The globe.yaml File
Define your project’s configuration in a version-controlled globe.yaml
file. This allows you to keep settings consistent across environments, automate deployments, and manage configurations as code.
Why use the globe.yaml
File?
While you can configure your project in the Globe dashboard, using a globe.yaml
file provides several advantages:
- Version Control: Track changes to your configuration alongside your code.
- Consistency: Ensure every team member and deployment uses the same settings.
- Automation: Standardize your CI/CD pipeline with a reliable configuration source.
- Clarity: Define complex settings like build presets, assets, and cron jobs in one clear location.
How to Set Up the globe.yaml
File
Create a globe.yaml
file in the root of your project directory. For the best editing experience with autocompletion and validation, we recommend using the YAML extension by Red Hat in VS Code.
Add the following comment to the top of your file to enable schema validation:
# yaml-language-server: $schema=https://globe.dev/globe.schema.json
# Your configuration starts here
Configuration Options
Below are the available top-level properties you can define in your globe.yaml
.
entrypoint
The main entry point of your Dart application. This is the file Globe runs to start your server.
entrypoint: bin/server.dart
build
A nested object containing settings related to the build process, such as framework presets, Melos integration, and Build Runner commands.
preset
Configure a framework-specific preset to streamline your build. Supported types include dart_frog
, flutter
, jaspr
, jaspr_static
, and serverpod
. You can also specify a version
and override the default buildCommand
.
build:
preset:
type: dart_frog
version: '1.1.0'
buildCommand: dart_frog build
melos
and build_runner
Enable or disable automatic detection for Melos and Build Runner, or provide custom commands if needed. By default, Globe auto-detects if these tools are needed.
build:
melos:
automatic_detection: true # Defaults to true
# command: melos bootstrap
build_runner:
automatic_detection: false # Disable if not needed
# command: dart run build_runner build --delete-conflicting-outputs
assets
A list of static files or directories to include in your deployment. Globe serves these assets from its global edge network. You can include individual files, entire directories (by adding a trailing slash /
), or use glob patterns. You can also map a source file to a different destination path.
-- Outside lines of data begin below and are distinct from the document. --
(* Consider a network of $K\ge2$ sensors with $f^1_m=\dots=f^K_m=f_m$ for all $m=0,\dots,M-1$. Fix a state $m$ and let $\bar\phi^{0,\max}_m=\sum_jp^j_m\phi^{0,j}_m$ be a maximin quantizer for state $m$ in the single-sensor problem with densities $f_0,\dots,f_{M-1}$. For each $j$ let $\phi^{\cdot,j}_m=(\phi^{0,j}_m,\dots,\phi^{0,j}_m)$ be the $K$-fold replication, and let $\bar\phi^*_m=\sum_jp^j_m\phi^{\cdot,j}_m$. Then $\bar\phi^*_m$ is a maximin quantizer vector for state $m$.
   Context: Single-sensor notions: a raw observation $X$ has density $f_m$ under state $m\in\{0,\dots,M-1\}$ (probability $\mathbf P_m$); deterministic quantizers are measurable maps to $\{0,1\}$ (set $\Phi$); a randomized quantizer $\bar\phi=\sum_jp^j\phi^j$ is a probability distribution on a countable subset of $\Phi$; $\bar\Phi$ is the set of all quantizers; $f_m(u;\phi)=\mathbf P_m(\phi(X)=u)$, $I(m,m';\phi)=\sum_uf_m(u;\phi)\log\frac{f_m(u;\phi)}{f_{m'}(u;\phi)}$, $I(m,m';\bar\phi)=\sum_jp^jI(m,m';\phi^j)$, $I(m;\bar\phi)=\min_{m'\ne m}I(m,m';\bar\phi)$, and a maximin quantizer for $m$ maximizes $I(m;\cdot)$ over $\bar\Phi$. Multi-sensor setting: sensor $k=1,\dots,K$ observes $X^k$ with density $f^k_m$ under $\mathbf P_m$, independent across sensors. A deterministic quantizer vector is $\phi=(\phi^1,\dots,\phi^K)$ with $\phi^k$ a deterministic quantizer at sensor $k$; $\Phi^{(K)}$ is their set. A randomized quantizer vector is $\bar\phi=\sum_jp^j\phi^{\cdot,j}$, a probability distribution on a countable subset $\{\phi^{\cdot,j}\}\subset\Phi^{(K)}$; $\overline{\Phi^{(K)}}$ denotes all quantizer vectors. K-L divergences: $I(m,m';\phi)=\sum_{k=1}^KI(m,m';\phi^k)$ (with $I(m,m';\phi^k)$ computed from $f^k_m,f^k_{m'}$) and $I(m,m';\bar\phi)=\sum_jp^jI(m,m';\phi^{\cdot,j})$; $I(m;\bar\phi)=\min_{m'\neq m}I(m,m';\bar\phi)$; a maximin quantizer vector for state $m$ is a $\bar\phi\in\overline{\Phi^{(K)}}$ maximizing $I(m;\bar\phi)$ over $\overline{\Phi^{(K)}}$. *)

From Stdlib Require Import Reals List Classical ClassicalEpsilon.
Import ListNotations.
Open Scope R_scope.

Record MeasSpace := {
  carrier :> Type;
  msets : (carrier -> Prop) -> Prop;
  ms_full : msets (fun _ => True);
  ms_compl : forall A, msets A -> msets (fun s => ~ A s);
  ms_union : forall A : nat -> carrier -> Prop,
      (forall n, msets (A n)) -> msets (fun s => exists n, A n s)
}.

Definition is_prob (X : MeasSpace) (P : (X -> Prop) -> R) : Prop :=
  (forall A, msets X A -> 0 <= P A) /\
  P (fun _ => True) = 1 /\
  (forall A : nat -> X -> Prop,
      (forall n, msets X (A n)) ->
      (forall n n' s, n <> n' -> A n s -> A n' s -> False) ->
      infinite_sum (fun n => P (A n)) (P (fun s => exists n, A n s))).

Inductive ER := Fin (r : R) | PInf.

Definition ERle (x y : ER) : Prop :=
  match x, y with
  | _, PInf => True
  | PInf, Fin _ => False
  | Fin a, Fin b => a <= b
  end.

Definition ERplus (x y : ER) : ER :=
  match x, y with
  | Fin a, Fin b => Fin (a + b)
  | _, _ => PInf
  end.

Definition ERmin (x y : ER) : ER :=
  match x, y with
  | PInf, y => y
  | x, PInf => x
  | Fin a, Fin b => Fin (Rmin a b)
  end.

Definition ER_fin (x : ER) : R := match x with Fin a => a | PInf => 0 end.

(* A deterministic quantizer: a measurable map X -> {0,1} (bool: false=0, true=1). *)
Definition det_quant (X : MeasSpace) (phi : X -> bool) : Prop :=
  msets X (fun s => phi s = true).

Definition fq (X : MeasSpace) (Pm : (X -> Prop) -> R) (u : bool) (phi : X -> bool) : R :=
  Pm (fun s => phi s = u).

Definition kl_term (a b : R) : ER :=
  if Req_EM_T a 0 then Fin 0
  else if Req_EM_T b 0 then PInf
  else Fin (a * ln (a / b)).

(* I(m, m'; phi) for a deterministic quantizer, P : state -> law of X *)
Definition KL_det (X : MeasSpace) (P : nat -> (X -> Prop) -> R)
    (m m' : nat) (phi : X -> bool) : ER :=
  ERplus (kl_term (fq X (P m) false phi) (fq X (P m') false phi))
         (kl_term (fq X (P m) true phi) (fq X (P m') true phi)).

(* sum_j p^j d_j for nonnegative weights and nonnegative extended values,
   with 0 * (+oo) = 0 and a divergent series = +oo *)
Definition mix (p : nat -> R) (d : nat -> ER) : ER :=
  match excluded_middle_informative (exists j, p j <> 0 /\ d j = PInf) with
  | left _ => PInf
  | right _ =>
      match excluded_middle_informative
              (exists v, infinite_sum (fun j => p j * ER_fin (d j)) v) with
      | left H => Fin (proj1_sig (constructive_indefinite_description _ H))
      | right _ => PInf
      end
  end.

(* min over m' in {0..M-1}, m' <> m  (empty min = +oo) *)
Definition min_other (M m : nat) (g : nat -> ER) : ER :=
  fold_right (fun i acc => if Nat.eq_dec i m then acc else ERmin (g i) acc)
             PInf (seq 0 M).

(* A randomized quantizer sum_j p^j phi^j: probability weights on a countable
   family of deterministic quantizers. *)
Definition rand_quant (X : MeasSpace) (p : nat -> R) (phi : nat -> X -> bool) : Prop :=
  (forall j, 0 <= p j) /\ infinite_sum p 1 /\ (forall j, det_quant X (phi j)).

Definition KL_rand (X : MeasSpace) (P : nat -> (X -> Prop) -> R)
    (m m' : nat) (p : nat -> R) (phi : nat -> X -> bool) : ER :=
  mix p (fun j => KL_det X P m m' (phi j)).

Definition I_state (X : MeasSpace) (M : nat) (P : nat -> (X -> Prop) -> R)
    (m : nat) (p : nat -> R) (phi : nat -> X -> bool) : ER :=
  min_other M m (fun m' => KL_rand X P m m' p phi).

Definition maximin (X : MeasSpace) (M : nat) (P : nat -> (X -> Prop) -> R)
    (m : nat) (p : nat -> R) (phi : nat -> X -> bool) : Prop :=
  rand_quant X p phi /\
  forall q psi, rand_quant X q psi ->
    ERle (I_state X M P m q psi) (I_state X M P m p phi).

(* Pk k m = law of X^k under state m (sensor k = 0..K-1);
   a quantizer vector is phi : sensor -> X -> bool (components k < K). *)
Definition det_quant_vec (X : MeasSpace) (K : nat) (phi : nat -> X -> bool) : Prop :=
  forall k, (k < K)%nat -> det_quant X (phi k).

Definition KL_det_vec (X : MeasSpace) (K : nat) (Pk : nat -> nat -> (X -> Prop) -> R)
    (m m' : nat) (phi : nat -> X -> bool) : ER :=
  fold_right ERplus (Fin 0) (map (fun k => KL_det X (Pk k) m m' (phi k)) (seq 0 K)).

Definition rand_quant_vec (X : MeasSpace) (K : nat) (p : nat -> R)
    (phi : nat -> nat -> X -> bool) : Prop :=
  (forall j, 0 <= p j) /\ infinite_sum p 1 /\ (forall j, det_quant_vec X K (phi j)).

Definition KL_rand_vec (X : MeasSpace) (K : nat) (Pk : nat -> nat -> (X -> Prop) -> R)
    (m m' : nat) (p : nat -> R) (phi : nat -> nat -> X -> bool) : ER :=
  mix p (fun j => KL_det_vec X K Pk m m' (phi j)).

Definition I_state_vec (X : MeasSpace) (M K : nat) (Pk : nat -> nat -> (X -> Prop) -> R)
    (m : nat) (p : nat -> R) (phi : nat -> nat -> X -> bool) : ER :=
  min_other M m (fun m' => KL_rand_vec X K Pk m m' p phi).

Definition maximin_vec (X : MeasSpace) (M K : nat) (Pk : nat -> nat -> (X -> Prop) -> R)
    (m : nat) (p : nat -> R) (phi : nat -> nat -> X -> bool) : Prop :=
  rand_quant_vec X K p phi /\
  forall q psi, rand_quant_vec X K q psi ->
    ERle (I_state_vec X M K Pk m q psi) (I_state_vec X M K Pk m p phi).

From Stdlib Require Import Reals List ClassicalEpsilon Lra Lia.
From Stdlib Require Import FunctionalExtensionality PropExtensionality.
Import ListNotations.
Open Scope R_scope.

(* With identical sensors the divergence I(m, m'; phi) of a deterministic quantizer vector
   is the sum over the sensors of the single-sensor divergences of its components.  Hence
   replicating a randomized single-sensor quantizer on all K sensors multiplies every
   divergence, and so I(m; .), by K.  Conversely a randomized quantizer vector
   sum_j q_j psi_j is matched by the single-sensor randomized quantizer choosing the
   component psi_j^k with probability q_j / K, whose divergences are those of the vector
   divided by K (regrouping the mixture series by sensor is legitimate because all
   divergences are nonnegative).  Both maps scale I(m; .) by the same factor K, so the
   maximin property carries over from the single sensor to the replicated vector. *)

Definition rsum (l : list nat) (f : nat -> R) : R := fold_right (fun k acc => f k + acc) 0 l.

Definition psum (f : nat -> R) (n : nat) : R := rsum (seq 0 n) f.

Lemma rsum_app l1 l2 f : rsum (l1 ++ l2) f = rsum l1 f + rsum l2 f.
Proof. induction l1 as [|k l1 IH]; unfold rsum in *; cbn; [lra|]. rewrite IH; lra. Qed.

Lemma rsum_ext l f g : (forall k, In k l -> f k = g k) -> rsum l f = rsum l g.
Proof.
  induction l as [|k l IH]; intros H; unfold rsum in *; cbn; [reflexivity|].
  rewrite H, IH; [reflexivity| |left; reflexivity].
  intros j Hj; apply H; right; exact Hj.
Qed.

Lemma rsum_ge0 l f : (forall k, 0 <= f k) -> 0 <= rsum l f.
Proof.
  intros H; induction l as [|k l IH]; unfold rsum in *; cbn; [lra|].
  specialize (H k); lra.
Qed.

Lemma rsum_scal l f a : rsum l (fun k => a * f k) = a * rsum l f.
Proof. induction l as [|k l IH]; unfold rsum in *; cbn; [ring|]. rewrite IH; ring. Qed.

Lemma rsum_const l c : rsum l (fun _ => c) = INR (length l) * c.
Proof.
  induction l as [|k l IH]; unfold rsum in *; [cbn; ring|].
  cbn -[INR]; rewrite IH, S_INR; ring.
Qed.

Lemma rsum_seq_shift n : forall a f, rsum (seq a n) f = rsum (seq 0 n) (fun k => f (a + k)%nat).
Proof.
  induction n as [|n IH]; intros a f; unfold rsum in *; cbn; [reflexivity|].
  rewrite (IH (S a)), (IH 1%nat), Nat.add_0_r.
  f_equal; apply rsum_ext; intros k _; f_equal; lia.
Qed.
Lemma triv_ext_dual_sq (f : dual_space A) : tmul (0, f) (0, f) = 0.
Proof.
apply: triv_ext_eq; first by rewrite triv_ext_mul_fst mul0r.
by apply/lfunP => x; rewrite triv_ext_mul_snd /= mulr0 mul0r linear0 addr0 zero_lfunE.
Qed.

Definition socle_eval (s : A) (u : T) : k^o := u.2 s.

Lemma socle_eval_is_linear (s : A) : linear (socle_eval s).
Proof. by move=> c u v; rewrite /socle_eval add_lfunE scale_lfunE. Qed.
HB.instance Definition _ (s : A) :=
  GRing.isLinear.Build k T k^o *:%R (socle_eval s) (socle_eval_is_linear s).

Lemma socle_eval_mul (chi : A -> k) (s : A) :
    (forall a, a * s = chi a *: s /\ s * a = chi a *: s) ->
  forall u v, socle_eval s (tmul u v) = chi u.1 * socle_eval s v + socle_eval s u * chi v.1.
Proof.
move=> s_socle u v; rewrite /socle_eval triv_ext_mul_snd.
by rewrite (s_socle u.1).2 (s_socle v.1).1 !linearZ /= [u.2 s * _]mulrC.
Qed.

End TrivialExtension.

Lemma exists_dual_eq1 (k : fieldType) (V : vectType k) (s : V) :
  s != 0 -> exists f : 'Hom(V, k^o), f s = 1.
Proof.
move=> s_neq0.
have [i coord_neq0] : exists i, coord (vbasis fullv) i s != 0.
  apply/existsP; apply: contraR s_neq0 => /existsPn coord0.
  rewrite (coord_vbasis (memvf s)) big1 // => i _.
  by move/negPn/eqP: (coord0 i) => ->; rewrite scale0r.
exists ((coord (vbasis fullv) i s)^-1 *: linfun (coord (vbasis fullv) i : V -> k^o)).
by rewrite scale_lfunE lfunE /= [_ *: _]mulVf.
Qed.

Lemma sum_on_section (R : pzSemiRingType) (T P : finType) (pi : T -> P) (phi : P -> T)
    (F H : T -> R) (G : P -> R) :
    cancel phi pi -> (forall t, F t = if t == phi (pi t) then G (pi t) else 0) ->
  \sum_t F t * H t = \sum_p G p * H (phi p).
Proof.
move=> phiK FE.
transitivity (\sum_t if t == phi (pi t) then G (pi t) * H t else 0).
  by apply: eq_bigr => t _; rewrite FE; case: ifP; rewrite ?mul0r.
rewrite -big_mkcond (reindex_onto phi pi) => [|t /eqP/esym //].
by apply: eq_big => [p|p _]; rewrite phiK ?eqxx.
Qed.

Lemma prodD2 (R : comPzSemiRingType) (I : finType) (F : I -> R) (p q : I) : p != q ->
  \prod_j F j = F p * F q * \prod_(j | (j != p) && (j != q)) F j.
Proof.
move=> pq; rewrite (bigD1 p) //= (bigD1 q) 1?eq_sym //= mulrA.
by congr (_ * _); apply: eq_bigl => j; rewrite andbC.
Qed.
(* For $n\ge0$ let $Q_n^L(x)=\sum_{r=0}^{n}\left[\binom{n}{r}\sum_{\ell=0}^{r}\binom{r}{\ell}\frac{1}{\ell!}\right](-x)^r$ (the coefficient polynomials of the linear transformation $x^n\mapsto L_n(x)$). Then for all $n\ge0$, $$(n+1)Q^L_{n+1}(x)=(x-2x^2+x^3)(Q^L_n)'(x)+(n+1-2x-nx^2)Q^L_n(x).$$
   Context: $L_n(x)=\sum_{k=0}^n\binom{n}{k}\frac{(-x)^k}{k!}$ is the $n$th Laguerre polynomial; coefficient polynomials $Q_k$ of a linear operator $T$ on $\mathbb{C}[x]$ are defined by the unique representation $T=\sum_k\frac{Q_k(x)}{k!}D^k$, $D=d/dx$. *)

From mathcomp Require Import all_boot all_order all_algebra.
Set Implicit Arguments. Unset Strict Implicit. Unset Printing Implicit Defensive.
Import GRing.Theory Num.Theory.
Local Open Scope ring_scope.

Definition QL (R : numFieldType) (n : nat) : {poly R} :=
  \sum_(r < n.+1)
     (('C(n, r))%:R * \sum_(l < r.+1) ('C(r, l))%:R / (l`!)%:R) *: (- 'X) ^+ r.

From mathcomp Require Import all_boot all_order all_algebra ring zify.
Import GRing.Theory Num.Theory.
Local Open Scope ring_scope.

(* The coefficient of x^k in Q^L_n is (-1)^k C(n,k) L_k(-1).  Comparing
   coefficients of x^(k+2), the identity becomes a relation between the values
   C(n,j) L_j(-1) for j = k, k+1, k+2; it follows from Pascal-type identities
   for C(n,_) together with the three-term recurrence
   (k+2) L_(k+2) = (2k+3-x) L_(k+1) - (k+1) L_k taken at x = -1.  That
   recurrence in turn holds term by term in the defining sums. *)

Lemma mulSn_binS n m :
  (n.+1 * 'C(n.+1, m.+1) = (n + m.+2) * 'C(n, m.+1) + m.+1 * 'C(n, m))%N.
Proof.
have := mul_bin_left n m; rewrite binS; case: (leqP m n) => [le_mn|lt_nm] eq_m.
  nia.
by rewrite !bin_small //; lia.
Qed.

Lemma laguerre_bin_rec k l :
  (k.+2 * 'C(k.+2, l) + k.+1 * 'C(k, l)
   = (2 * k + 3) * 'C(k.+1, l) + l * 'C(k.+1, l.-1))%N.
Proof.
case: l => [|l] /=; first by rewrite !bin0; lia.
have := mul_bin_down k.+1 l; rewrite /= !binS.
case: (leqP l k.+1) => [le_lk|lt_kl] eq_l.
  nia.
by rewrite !bin_small //; lia.
Qed.

Lemma natr_mul_binS (R : pzRingType) n i :
  i.+1%:R * 'C(n, i.+1)%:R = (n%:R - i%:R) * 'C(n, i)%:R :> R.
Proof.
case: (leqP i n) => [le_in|lt_ni].
  by rewrite -natrB // -!natrM mul_bin_left.
by rewrite !bin_small ?mulr0 //; apply: ltnW.
Qed.

Lemma coef_XM_deriv {R : nzRingType} (p : {poly R}) i :
  ('X * p^`())`_i = p`_i *+ i.
Proof. by rewrite coefXM; case: i => [|i] //=; rewrite coef_deriv. Qed.

Section LaguerreAtMinusOne.

Variable R : numFieldType.

Definition laguerreN1 k : R := \sum_(l < k.+1) 'C(k, l)%:R / l`!%:R.

Lemma laguerreN1_widen k N : (k < N)%N ->
  laguerreN1 k = \sum_(l < N) 'C(k, l)%:R / l`!%:R.
Proof.
move=> lt_kN; rewrite /laguerreN1 (big_ord_widen N (fun l => 'C(k, l)%:R / l`!%:R)) //.
rewrite big_mkcond; apply: eq_bigr => l _ /=.
by case: ltnP => // lt_kl; rewrite bin_small // mul0r.
Qed.

Lemma laguerreN1_rec k :
  k.+2%:R * laguerreN1 k.+2 + k.+1%:R * laguerreN1 k
  = (2 * k.+2)%:R * laguerreN1 k.+1.
Proof.
have lt_k_k3 : (k < k.+3)%N by apply: ltnW.
rewrite !(@laguerreN1_widen _ k.+3) // !mulr_sumr -big_split /=.
have shifted_sum : \sum_(l < k.+3) (l * 'C(k.+1, l.-1))%:R / l`!%:R
             = \sum_(l < k.+3) 'C(k.+1, l)%:R / l`!%:R :> R.
  rewrite big_ord_recl [RHS]big_ord_recr /= mul0n mul0r add0r.
  rewrite bin_small // mul0r addr0; apply: eq_bigr => l _ /=.
  by rewrite factS !natrM invfM mulrACA mulfV ?mul1r // pnatr_eq0.
rewrite (eq_bigr (fun l : 'I_k.+3 => (2 * k + 3)%:R * ('C(k.+1, l)%:R / l`!%:R)
                   + (l * 'C(k.+1, l.-1))%:R / l`!%:R)); last first.
  by move=> l _; rewrite !mulrA -!mulrDl -!natrM -natrD laguerre_bin_rec natrD.
rewrite big_split /= shifted_sum -!mulr_sumr -[X in _ + X]mul1r -mulrDl natr1.
by congr (_%:R * _); lia.
Qed.

Lemma coef_QL n k : (QL R n)`_k = (-1) ^+ k * ('C(n, k)%:R * laguerreN1 k).
Proof.
have -> : QL R n = \poly_(r < n.+1) ((-1) ^+ r * ('C(n, r)%:R * laguerreN1 r)).
  rewrite poly_def; apply: eq_bigr => r _.
  by rewrite -scaleN1r exprZn scalerA mulrC.
rewrite coef_poly; case: ltnP => // lt_nk.
by rewrite bin_small // mul0r mulr0.
Qed.

Lemma bin_laguerreN1_rec n i :
  n.+1%:R * ('C(n.+1, i.+2)%:R * laguerreN1 i.+2)
  = (n + i.+3)%:R * ('C(n, i.+2)%:R * laguerreN1 i.+2)
    + (2 * i.+2)%:R * ('C(n, i.+1)%:R * laguerreN1 i.+1)
    + (i%:R - n%:R) * ('C(n, i)%:R * laguerreN1 i).
Proof.
have pascal : n.+1%:R * 'C(n.+1, i.+2)%:R
    = (n + i.+3)%:R * 'C(n, i.+2)%:R + i.+2%:R * 'C(n, i.+1)%:R :> R.
  by rewrite -!natrM -natrD mulSn_binS.
have lag : i.+2%:R * laguerreN1 i.+2
    = (2 * i.+2)%:R * laguerreN1 i.+1 - i.+1%:R * laguerreN1 i.
  by rewrite -laguerreN1_rec addrK.
have -> : (i%:R - n%:R) * ('C(n, i)%:R * laguerreN1 i)
    = - (i.+1%:R * 'C(n, i.+1)%:R) * laguerreN1 i.
  by rewrite natr_mul_binS; ring.
rewrite mulrA pascal mulrDl -!mulrA -addrA; congr (_ + _).
by rewrite mulrCA lag; ring.
Qed.

End LaguerreAtMinusOne.

Theorem lemma5p2 (R : numFieldType) (n : nat) :
  (n.+1)%:R *: QL R n.+1 =
    ('X - 2%:R *: 'X ^+ 2 + 'X ^+ 3) * (QL R n)^`()
    + ((n.+1)%:R%:P - 2%:R *: 'X - n%:R *: 'X ^+ 2) * QL R n.
Proof.
set P := QL R n.
have -> : ('X - 2%:R *: 'X ^+ 2 + 'X ^+ 3) * P^`()
    + ((n.+1)%:R%:P - 2%:R *: 'X - n%:R *: 'X ^+ 2) * P
  = 'X * P^`() - 2%:R *: ('X * ('X * P^`())) + 'X * ('X * ('X * P^`()))
    + n.+1%:R *: P - 2%:R *: ('X * P) - n%:R *: ('X * ('X * P)).
  by rewrite -!mul_polyC; ring.
(* Abstracting X P' keeps [coefXM] from unfolding it below. *)
have := coef_XM_deriv P; move: ('X * P^`()) => D coef_D.
apply/polyP => k; rewrite !(coefD, coefN, coefZ) !coefXM.
case: k => [|[|i]] /=; rewrite !coef_D !coef_QL.
- by rewrite !bin0 /laguerreN1 !big_ord1 bin0 fact0 divr1; ring.
- rewrite !bin0 !bin1 /laguerreN1 !big_ord_recr !big_ord0 /= !bin0 binn.
  by rewrite fact0 divr1; ring.
- by rewrite mulrCA bin_laguerreN1_rec !exprS; ring.
Qed.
For more details, see the Static Assets documentation.
assets:
# Include a specific file
- assets/logo.png
# Include an entire directory
- public/
# Include all .css files in a directory
- styles/*.css
# Map a source file to a new destination path
- compiled_output/lib.so:public/native_lib.so
crons
Define scheduled tasks that trigger HTTP POST requests to your application at specified intervals. Cron jobs only run on production deployments. Each cron job requires a unique id
, a schedule
(in unix-cron format), and a path
to an endpoint in your app.
For more details, see the Cron Jobs documentation.
crons:
- id: daily_database_cleanup
schedule: '0 0 * * *' # Runs every day at midnight UTC
path: '/tasks/db-cleanup'
- id: refresh_cache
schedule: '*/30 * * * *' # Runs every 30 minutes
path: '/tasks/refresh-cache'
preferred_regions
A list of preferred regions for your deployment. This helps Globe optimize performance by serving your application from edge locations closest to your users.
preferred_regions:
- us-east1
- europe-west1
Complete Example
Here is an example of a globe.yaml file that combines several of the options above, following the recommended order.
# yaml-language-server: $schema=https://globe.dev/globe.schema.json
entrypoint: bin/server.dart
build:
preset:
type: dart_frog
# buildCommand: dart_frog build
# version: "1.1.0"
build_runner:
automatic_detection: false
# command: dart run build_runner build --delete-conflicting-outputs
melos:
automatic_detection: false
# command: melos bootstrap
# version: "6.3.3"
assets:
- public/
- assets/images/
- compiled/library.wasm:public/library.wasm
crons:
- id: send_weekly_newsletter
schedule: '0 8 * * 1' # Every Monday at 8:00 AM UTC
path: '/api/v1/newsletter/send'
preferred_regions:
- us-west1
- europe-central2
Best Practices
- Commit
globe.yaml
to your Git repository to keep it in sync with your codebase. - Use the schema definition in your editor for autocompletion and to prevent typos.
- Document complex configurations or non-obvious settings with comments.
- Start with a minimal configuration and only add properties as you need to override defaults.